TASK GOAL.
Return only what lies between the first line of the entries and the line containing "by rewrite !stack_newr aF bF cF.", both lines included.

Saved data entries:
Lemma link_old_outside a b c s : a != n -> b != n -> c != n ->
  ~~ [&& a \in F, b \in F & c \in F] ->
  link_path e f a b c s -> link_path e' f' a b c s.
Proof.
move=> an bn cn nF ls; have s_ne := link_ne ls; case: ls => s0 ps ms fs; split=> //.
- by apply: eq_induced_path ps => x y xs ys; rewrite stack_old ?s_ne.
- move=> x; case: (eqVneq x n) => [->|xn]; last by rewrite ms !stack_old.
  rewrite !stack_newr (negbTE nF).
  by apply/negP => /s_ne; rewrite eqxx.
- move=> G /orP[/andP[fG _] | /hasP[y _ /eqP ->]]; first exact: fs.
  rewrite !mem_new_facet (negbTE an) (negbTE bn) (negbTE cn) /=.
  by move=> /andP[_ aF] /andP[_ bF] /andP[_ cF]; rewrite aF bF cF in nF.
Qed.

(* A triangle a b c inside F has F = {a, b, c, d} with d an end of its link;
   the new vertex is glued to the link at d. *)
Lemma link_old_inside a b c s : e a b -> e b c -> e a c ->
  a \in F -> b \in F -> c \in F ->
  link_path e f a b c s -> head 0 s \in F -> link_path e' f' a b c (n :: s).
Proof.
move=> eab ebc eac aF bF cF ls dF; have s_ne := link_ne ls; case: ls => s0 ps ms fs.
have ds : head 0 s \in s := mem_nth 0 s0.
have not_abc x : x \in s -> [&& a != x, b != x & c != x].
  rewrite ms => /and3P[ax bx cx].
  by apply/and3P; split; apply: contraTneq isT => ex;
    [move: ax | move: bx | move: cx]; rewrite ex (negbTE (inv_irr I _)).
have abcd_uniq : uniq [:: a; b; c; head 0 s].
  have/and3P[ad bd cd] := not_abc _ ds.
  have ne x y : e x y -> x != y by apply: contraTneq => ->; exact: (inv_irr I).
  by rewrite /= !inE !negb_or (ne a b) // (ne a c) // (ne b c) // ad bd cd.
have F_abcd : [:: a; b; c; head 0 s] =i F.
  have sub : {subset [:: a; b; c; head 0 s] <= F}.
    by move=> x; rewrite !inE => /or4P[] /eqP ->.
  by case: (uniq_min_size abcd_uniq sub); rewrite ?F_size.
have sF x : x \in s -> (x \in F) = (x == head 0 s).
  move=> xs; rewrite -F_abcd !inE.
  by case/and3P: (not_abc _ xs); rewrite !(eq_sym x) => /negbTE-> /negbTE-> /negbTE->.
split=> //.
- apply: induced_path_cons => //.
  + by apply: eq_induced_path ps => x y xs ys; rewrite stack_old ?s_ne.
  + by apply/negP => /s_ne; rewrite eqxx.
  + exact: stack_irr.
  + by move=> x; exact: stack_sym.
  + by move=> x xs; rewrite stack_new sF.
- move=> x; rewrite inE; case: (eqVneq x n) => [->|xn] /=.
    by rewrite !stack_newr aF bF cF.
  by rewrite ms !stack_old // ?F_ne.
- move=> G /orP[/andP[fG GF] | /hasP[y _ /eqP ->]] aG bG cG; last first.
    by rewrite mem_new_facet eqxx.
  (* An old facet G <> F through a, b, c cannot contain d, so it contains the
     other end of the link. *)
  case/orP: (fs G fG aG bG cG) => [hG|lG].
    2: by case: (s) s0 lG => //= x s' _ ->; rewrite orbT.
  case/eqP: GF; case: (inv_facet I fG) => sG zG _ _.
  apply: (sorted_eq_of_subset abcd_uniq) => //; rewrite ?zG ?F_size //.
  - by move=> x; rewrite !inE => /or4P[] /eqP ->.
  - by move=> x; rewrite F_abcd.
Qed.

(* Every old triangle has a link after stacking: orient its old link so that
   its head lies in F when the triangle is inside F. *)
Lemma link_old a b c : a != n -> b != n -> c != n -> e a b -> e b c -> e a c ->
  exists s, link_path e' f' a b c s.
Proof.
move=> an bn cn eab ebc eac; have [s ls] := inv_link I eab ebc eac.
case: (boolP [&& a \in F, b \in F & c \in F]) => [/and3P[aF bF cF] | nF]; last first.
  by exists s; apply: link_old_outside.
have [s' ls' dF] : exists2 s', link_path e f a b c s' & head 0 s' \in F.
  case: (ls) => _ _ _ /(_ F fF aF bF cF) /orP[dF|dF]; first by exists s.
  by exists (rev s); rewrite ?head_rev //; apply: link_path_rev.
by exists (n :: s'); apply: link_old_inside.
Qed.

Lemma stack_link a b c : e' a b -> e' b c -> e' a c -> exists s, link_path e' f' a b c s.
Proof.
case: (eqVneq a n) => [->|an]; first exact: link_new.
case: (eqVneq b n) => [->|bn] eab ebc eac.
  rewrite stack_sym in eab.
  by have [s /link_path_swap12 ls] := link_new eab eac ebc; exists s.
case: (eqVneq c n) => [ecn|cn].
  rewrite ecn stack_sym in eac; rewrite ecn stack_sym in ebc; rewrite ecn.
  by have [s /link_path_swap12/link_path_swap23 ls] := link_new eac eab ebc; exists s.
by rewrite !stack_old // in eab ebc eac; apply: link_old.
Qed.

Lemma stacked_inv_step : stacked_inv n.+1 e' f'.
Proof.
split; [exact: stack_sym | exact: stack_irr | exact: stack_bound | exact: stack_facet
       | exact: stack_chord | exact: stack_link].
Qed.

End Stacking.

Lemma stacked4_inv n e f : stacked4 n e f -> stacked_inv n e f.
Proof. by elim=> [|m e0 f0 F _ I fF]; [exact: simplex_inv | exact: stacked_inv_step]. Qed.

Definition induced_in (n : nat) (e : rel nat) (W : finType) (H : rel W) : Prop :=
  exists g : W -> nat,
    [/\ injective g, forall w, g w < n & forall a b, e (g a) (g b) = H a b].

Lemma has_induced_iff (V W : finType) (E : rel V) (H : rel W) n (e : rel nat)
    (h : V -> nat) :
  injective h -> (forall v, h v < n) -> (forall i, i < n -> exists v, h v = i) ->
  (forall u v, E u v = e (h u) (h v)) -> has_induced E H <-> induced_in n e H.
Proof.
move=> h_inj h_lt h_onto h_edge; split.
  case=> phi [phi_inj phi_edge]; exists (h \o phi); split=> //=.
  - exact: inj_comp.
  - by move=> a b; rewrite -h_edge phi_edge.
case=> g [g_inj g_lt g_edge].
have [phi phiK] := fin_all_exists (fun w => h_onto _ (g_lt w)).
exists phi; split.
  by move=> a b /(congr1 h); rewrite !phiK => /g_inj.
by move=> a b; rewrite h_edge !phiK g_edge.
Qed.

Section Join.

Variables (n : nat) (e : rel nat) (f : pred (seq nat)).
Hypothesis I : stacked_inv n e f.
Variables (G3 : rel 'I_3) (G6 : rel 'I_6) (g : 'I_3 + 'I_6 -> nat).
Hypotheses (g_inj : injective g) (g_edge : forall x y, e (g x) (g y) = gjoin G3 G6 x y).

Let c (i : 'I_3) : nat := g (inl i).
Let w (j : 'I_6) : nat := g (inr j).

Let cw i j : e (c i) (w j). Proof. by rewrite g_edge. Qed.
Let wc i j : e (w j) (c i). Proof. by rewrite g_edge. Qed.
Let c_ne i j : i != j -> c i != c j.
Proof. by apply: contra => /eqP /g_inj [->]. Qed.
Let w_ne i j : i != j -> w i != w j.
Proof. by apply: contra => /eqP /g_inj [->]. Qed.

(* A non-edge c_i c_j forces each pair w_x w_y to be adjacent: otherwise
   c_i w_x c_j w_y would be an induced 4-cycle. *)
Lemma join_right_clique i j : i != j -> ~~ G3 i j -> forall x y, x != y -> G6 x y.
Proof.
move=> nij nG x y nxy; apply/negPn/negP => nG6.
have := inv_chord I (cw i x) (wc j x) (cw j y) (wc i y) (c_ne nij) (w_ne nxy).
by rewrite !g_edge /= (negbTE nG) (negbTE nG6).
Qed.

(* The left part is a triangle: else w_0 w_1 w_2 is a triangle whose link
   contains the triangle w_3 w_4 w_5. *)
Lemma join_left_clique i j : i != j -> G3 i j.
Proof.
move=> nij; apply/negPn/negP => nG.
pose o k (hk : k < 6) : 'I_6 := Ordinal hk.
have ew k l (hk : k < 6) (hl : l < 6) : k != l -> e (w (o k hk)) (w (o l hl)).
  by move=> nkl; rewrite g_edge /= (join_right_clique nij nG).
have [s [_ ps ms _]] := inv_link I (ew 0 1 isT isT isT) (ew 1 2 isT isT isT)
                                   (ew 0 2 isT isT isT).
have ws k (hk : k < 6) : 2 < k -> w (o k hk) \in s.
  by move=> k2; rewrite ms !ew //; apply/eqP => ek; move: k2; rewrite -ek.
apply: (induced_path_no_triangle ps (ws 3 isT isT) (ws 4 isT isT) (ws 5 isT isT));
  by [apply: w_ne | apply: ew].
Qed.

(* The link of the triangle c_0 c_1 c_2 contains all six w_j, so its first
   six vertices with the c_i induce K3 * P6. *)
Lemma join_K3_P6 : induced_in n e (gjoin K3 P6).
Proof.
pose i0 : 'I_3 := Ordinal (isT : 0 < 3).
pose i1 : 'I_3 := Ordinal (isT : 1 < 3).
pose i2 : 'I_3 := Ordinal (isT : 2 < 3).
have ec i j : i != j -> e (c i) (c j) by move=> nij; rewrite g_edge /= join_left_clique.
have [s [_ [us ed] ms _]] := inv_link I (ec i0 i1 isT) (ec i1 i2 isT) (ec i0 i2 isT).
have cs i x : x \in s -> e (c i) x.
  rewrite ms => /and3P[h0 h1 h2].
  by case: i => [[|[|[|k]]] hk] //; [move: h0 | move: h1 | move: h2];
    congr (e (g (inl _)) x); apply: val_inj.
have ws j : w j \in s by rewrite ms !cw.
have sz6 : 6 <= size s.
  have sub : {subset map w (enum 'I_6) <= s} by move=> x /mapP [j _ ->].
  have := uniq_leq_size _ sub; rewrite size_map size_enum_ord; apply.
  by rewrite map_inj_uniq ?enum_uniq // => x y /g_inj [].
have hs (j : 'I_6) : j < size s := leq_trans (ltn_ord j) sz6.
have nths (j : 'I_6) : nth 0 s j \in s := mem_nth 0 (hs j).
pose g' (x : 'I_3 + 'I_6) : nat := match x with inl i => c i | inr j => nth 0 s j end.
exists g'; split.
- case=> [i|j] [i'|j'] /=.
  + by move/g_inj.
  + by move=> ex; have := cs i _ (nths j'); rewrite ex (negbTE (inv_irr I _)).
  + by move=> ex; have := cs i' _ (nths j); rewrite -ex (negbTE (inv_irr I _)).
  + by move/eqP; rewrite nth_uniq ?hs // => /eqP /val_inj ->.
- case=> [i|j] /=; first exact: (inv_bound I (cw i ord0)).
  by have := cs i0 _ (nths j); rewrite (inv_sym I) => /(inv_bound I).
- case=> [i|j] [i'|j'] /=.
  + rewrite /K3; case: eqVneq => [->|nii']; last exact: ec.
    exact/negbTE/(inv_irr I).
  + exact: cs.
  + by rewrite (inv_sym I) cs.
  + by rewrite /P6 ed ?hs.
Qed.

EXERCISE OUTPUT.
Lemma link_old_outside a b c s : a != n -> b != n -> c != n ->
  ~~ [&& a \in F, b \in F & c \in F] ->
  link_path e f a b c s -> link_path e' f' a b c s.
Proof.
move=> an bn cn nF ls; have s_ne := link_ne ls; case: ls => s0 ps ms fs; split=> //.
- by apply: eq_induced_path ps => x y xs ys; rewrite stack_old ?s_ne.
- move=> x; case: (eqVneq x n) => [->|xn]; last by rewrite ms !stack_old.
  rewrite !stack_newr (negbTE nF).
  by apply/negP => /s_ne; rewrite eqxx.
- move=> G /orP[/andP[fG _] | /hasP[y _ /eqP ->]]; first exact: fs.
  rewrite !mem_new_facet (negbTE an) (negbTE bn) (negbTE cn) /=.
  by move=> /andP[_ aF] /andP[_ bF] /andP[_ cF]; rewrite aF bF cF in nF.
Qed.

(* A triangle a b c inside F has F = {a, b, c, d} with d an end of its link;
   the new vertex is glued to the link at d. *)
Lemma link_old_inside a b c s : e a b -> e b c -> e a c ->
  a \in F -> b \in F -> c \in F ->
  link_path e f a b c s -> head 0 s \in F -> link_path e' f' a b c (n :: s).
Proof.
move=> eab ebc eac aF bF cF ls dF; have s_ne := link_ne ls; case: ls => s0 ps ms fs.
have ds : head 0 s \in s := mem_nth 0 s0.
have not_abc x : x \in s -> [&& a != x, b != x & c != x].
  rewrite ms => /and3P[ax bx cx].
  by apply/and3P; split; apply: contraTneq isT => ex;
    [move: ax | move: bx | move: cx]; rewrite ex (negbTE (inv_irr I _)).
have abcd_uniq : uniq [:: a; b; c; head 0 s].
  have/and3P[ad bd cd] := not_abc _ ds.
  have ne x y : e x y -> x != y by apply: contraTneq => ->; exact: (inv_irr I).
  by rewrite /= !inE !negb_or (ne a b) // (ne a c) // (ne b c) // ad bd cd.
have F_abcd : [:: a; b; c; head 0 s] =i F.
  have sub : {subset [:: a; b; c; head 0 s] <= F}.
    by move=> x; rewrite !inE => /or4P[] /eqP ->.
  by case: (uniq_min_size abcd_uniq sub); rewrite ?F_size.
have sF x : x \in s -> (x \in F) = (x == head 0 s).
  move=> xs; rewrite -F_abcd !inE.
  by case/and3P: (not_abc _ xs); rewrite !(eq_sym x) => /negbTE-> /negbTE-> /negbTE->.
split=> //.
- apply: induced_path_cons => //.
  + by apply: eq_induced_path ps => x y xs ys; rewrite stack_old ?s_ne.
  + by apply/negP => /s_ne; rewrite eqxx.
  + exact: stack_irr.
  + by move=> x; exact: stack_sym.
  + by move=> x xs; rewrite stack_new sF.
- move=> x; rewrite inE; case: (eqVneq x n) => [->|xn] /=.
    by rewrite !stack_newr aF bF cF.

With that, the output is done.